NEODOSE

INDICATIONS

Skeletal muscle relaxation/paralysis for neonates requiring rapid sequence intubation or nonemergent endotracheal intubation . Premedication is recommended in neonates for all non-emergent intubations if time permits. Premedication regimens for endotracheal intubation typically include a skeletal muscle relaxant in combination with an analgesic (an opioid) and/or sedative and a vagolytic agent (usually atropine). Use of a muscle relaxant without an analgesic agent is not recommended. Premedication has been shown to decrease the time to successful intubation and decrease the occurrence of adverse effects (ie, increased intracranial pressure, hypertension, decreased heart rate and oxygenation) in neonates. Use of succinylcholine has resulted in fewer intubation attempts and more successful intubations compared with no succinylcholine in clinical studies in neonates.

FDA APPROVED INDICATION

Adjunct to general anesthesia, to facilitate tracheal intubation, and to provide skeletal muscle relaxation during surgery or mechanical ventilation.

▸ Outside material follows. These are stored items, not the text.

Lemma sigmaE k n (s : seq nat) : 0 < n -> uniq s -> (forall d, (d %| n) = (d \in s)) ->
  sigma k n = \sum_(d <- s) d ^ k.
Proof.
move=> n_gt0 s_uniq s_div; apply/perm_big/uniq_perm => // [|d].
  exact: divisors_uniq.
by rewrite -dvdn_divisors.
Qed.

Lemma leq_sum_divisors_sigma k n (s : seq nat) : 0 < n -> uniq s ->
  {subset s <= [pred d | d %| n]} -> \sum_(d <- s) d ^ k <= sigma k n.
Proof.
move=> n_gt0 s_uniq s_div.
apply: (uniq_sub_le_big leqnn (fun x y => leq_addr y x)) => // [|d /s_div].
  exact: divisors_uniq.
by rewrite inE dvdn_divisors.
Qed.

Lemma sigma_prime k p : prime p -> sigma k p = 1 + p ^ k.
Proof.
move=> p_pr; rewrite (@sigmaE k p [:: 1; p]) ?prime_gt0 //.
- by rewrite !big_cons big_nil exp1n addn0.
- by rewrite /= inE andbT neq_ltn prime_gt1.
move=> d; rewrite !inE; apply/idP/idP; first by case/primeP: p_pr => _ /(_ d).
by case/orP=> /eqP ->.
Qed.

Lemma sigma_prime_sqr k p : prime p -> sigma k (p ^ 2) = 1 + p ^ k + (p ^ 2) ^ k.
Proof.
move=> p_pr; have p_gt1 := prime_gt1 p_pr.
rewrite (@sigmaE k (p ^ 2) [:: 1; p; p ^ 2]) ?expn_gt0 ?prime_gt0 //.
- by rewrite !big_cons big_nil exp1n addn0 addnA.
- by rewrite /= !inE; nia.
move=> d; rewrite !inE; apply/idP/idP.
  by case/(dvdn_pfactor _ _ p_pr) => -[|[|[]]] // _ ->; rewrite eqxx ?orbT.
by case/or3P=> /eqP ->; [exact: dvd1n | exact: (@dvdn_exp2l p 1 2) | exact: dvdnn].
Qed.

Lemma sigma_mul_primes k p q : prime p -> prime q -> p != q ->
  sigma k (p * q) = 1 + p ^ k + q ^ k + (p * q) ^ k.
Proof.
move=> p_pr q_pr /eqP neq_pq; have p_gt1 := prime_gt1 p_pr; have q_gt1 := prime_gt1 q_pr.
rewrite (@sigmaE k (p * q) [:: 1; p; q; p * q]) ?muln_gt0 ?prime_gt0 //.
- by rewrite !big_cons big_nil exp1n addn0 !addnA.
- by rewrite /= !inE; nia.
move=> d; rewrite !inE; apply/idP/idP => [d_pq|]; last first.
  by case/or4P=> /eqP ->; [exact: dvd1n | exact: dvdn_mulr | exact: dvdn_mull | exact: dvdnn].
have [p_d|p_nd] := boolP (p %| d).
  move: d_pq; rewrite -(divnK p_d) mulnC dvdn_pmul2l ?prime_gt0 // => d_q.
  by case/primeP: q_pr => _ /(_ _ d_q) /orP[] /eqP ->; rewrite ?muln1 eqxx ?orbT.
have d_q : d %| q by rewrite -(@Gauss_dvdr d p) // coprime_sym prime_coprime.
by case/primeP: q_pr => _ /(_ _ d_q) /orP[] /eqP ->; rewrite eqxx ?orbT.
Qed.

Lemma pdiv_sqr_leq_cofactor n : 1 < n %/ pdiv n -> ~~ prime (n %/ pdiv n) ->
  pdiv n ^ 2 <= n %/ pdiv n.
Proof.
set a := n %/ pdiv n => a_gt1 a_npr.
have pdiv_a_le : pdiv n <= pdiv a.
  apply: pdiv_min_dvd; first by rewrite prime_gt1 ?pdiv_prime.
  by apply: dvdn_trans (pdiv_dvd a) _; rewrite -[X in _ %| X](divnK (pdiv_dvd n)) dvdn_mulr.
have : pdiv a ^ 2 <= a by rewrite leqNgt; apply: contra a_npr; apply: ltn_pdiv2_prime; lia.
nia.
Qed.

Lemma squarefree_dvd_sqr (d r : nat) : (forall p, prime p -> ~~ (p ^ 2 %| d)) ->
  d %| r ^ 2 -> d %| r.
Proof.
move=> d_sqf d_r2; have [d0|d_gt0] := posnP d.
  by move: d_r2; rewrite d0 !dvd0n expn_eq0 andbT.
apply/dvdn_partP => // p; rewrite mem_primes => /and3P[p_pr _ p_d].
have p_r : p %| r by move: (dvdn_trans p_d d_r2); rewrite Euclid_dvdX // => /andP[].
rewrite p_part; apply: dvdn_trans p_r; rewrite -[X in _ %| X](expn1 p) dvdn_exp2l ?prime_gt1 //.
by rewrite leqNgt -pfactor_dvdn // d_sqf.
Qed.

CONTRAINDICATIONS/PRECAUTIONS

Contraindicated in the acute phase of injury after multiple trauma, major burns, extensive denervation of skeletal muscle, or upper motor neuron injury; may result in severe hyperkalemia, and possible onset of cardiac arrest. Also contraindicated in patients with a personal or family history of malignant hyperthermia and in patients with skeletal muscle myopathies. Serious anaphylactic reactions, including fatal cases, have been reported. Bradycardia and possible asystole may occur; higher risk with second dose; incidence and severity increased in pediatric patients compared with adults; premedication regimen that includes atropine may protect against bradyarrhythmias induced by succinylcholine. Hyperkalemia may occur. Serious cardiac arrhythmias or cardiac arrest due to hyperkalemia may occur in patients with massive digitalis toxicity or patients with electrolyte abnormalities. Increased risk of severe hyperkalemia in patients with subarachnoid hemorrhage or chronic abdominal infection, or conditions causing degeneration of central and peripheral nervous systems. Risk of prolonged neuromuscular blockade in patients with reduced plasma cholinesterase activity, such as those with genetic abnormalities of plasma cholinesterase (eg, heterozygous or homozygous for atypical plasma cholinesterase gene) or conditions associated with pregnancy, severe liver or kidney disease, malignant tumors, infections, burns, anemia, decompensated heart disease, peptic ulcer, or myxedema. Neuromuscular blockade may also be prolonged in patients with hypokalemia or hypocalcemia. Prolonged administration may result in a block resembling a nondepolarizing block (Phase II block). Risk of tachyphylaxis with repeated use. Malignant hyperthermia has been reported rarely in children who have received succinylcholine ; increased risk with coadministration of volatile anesthetics; monitoring recommended. Intracranial pressure increase (transient) may occur. Increased intraocular pressure has been reported in patients with narrow angle glaucoma or penetrating eye injury. Intragastric pressure increase may occur, resulting in regurgitation and possible aspiration of stomach contents. Initial muscle fasciculations may cause additional trauma in patients with fractures or muscle spasm . Muscle fasciculations have been rarely reported in children.

ADVERSE EFFECTS

Hypertension, hypotension, prolonged respiratory depression or apnea, jaw rigidity, postoperative muscle pain, excessive salivation, and rash have been reported.

ADMINISTRATION

May administer undiluted as an IV bolus or further dilute in compatible solution to a concentration of 1 to 2 mg/mL.

BLACK BOX WARNING

Acute rhabdomyolysis with hyperkalemia followed by ventricular dysrhythmias, cardiac arrest, and death have been rarely reported in seemingly healthy children (usually, but not exclusively, males, and most frequently 8 years of age or younger) who were subsequently found to have undiagnosed skeletal muscle myopathy (most frequently Duchenne’s muscular dystrophy) after administration of succinylcholine chloride. This syndrome often presents as peaked T-waves and sudden cardiac arrest within minutes after the administration of the drug. Treatment for hyperkalemia should be immediately instituted for infants or children who appear healthy but develop cardiac arrest, not felt to be due to inadequate ventilation, oxygenation, or anesthetic overdose after administration of succinylcholine chloride. Routine resuscitative measures are likely to be unsuccessful; extraordinary and prolonged resuscitative efforts may be required. If there are signs present for malignant hyperthermia, appropriate treatment should be instituted concurrently. It is recommended that succinylcholine chloride use in children be restricted to emergency intubation or instances where immediate securing of the airway is necessary.

MONITORING

Monitor oxygen saturation, heart rate, and blood pressure continuously. Closely monitor ECG for peaked T-waves, an early sign of potential cardiac arrest secondary to acute rhabdomyolysis with hyperkalemia. Monitor temperature and expired carbon dioxide continuously for early recognition of malignant hyperthermia.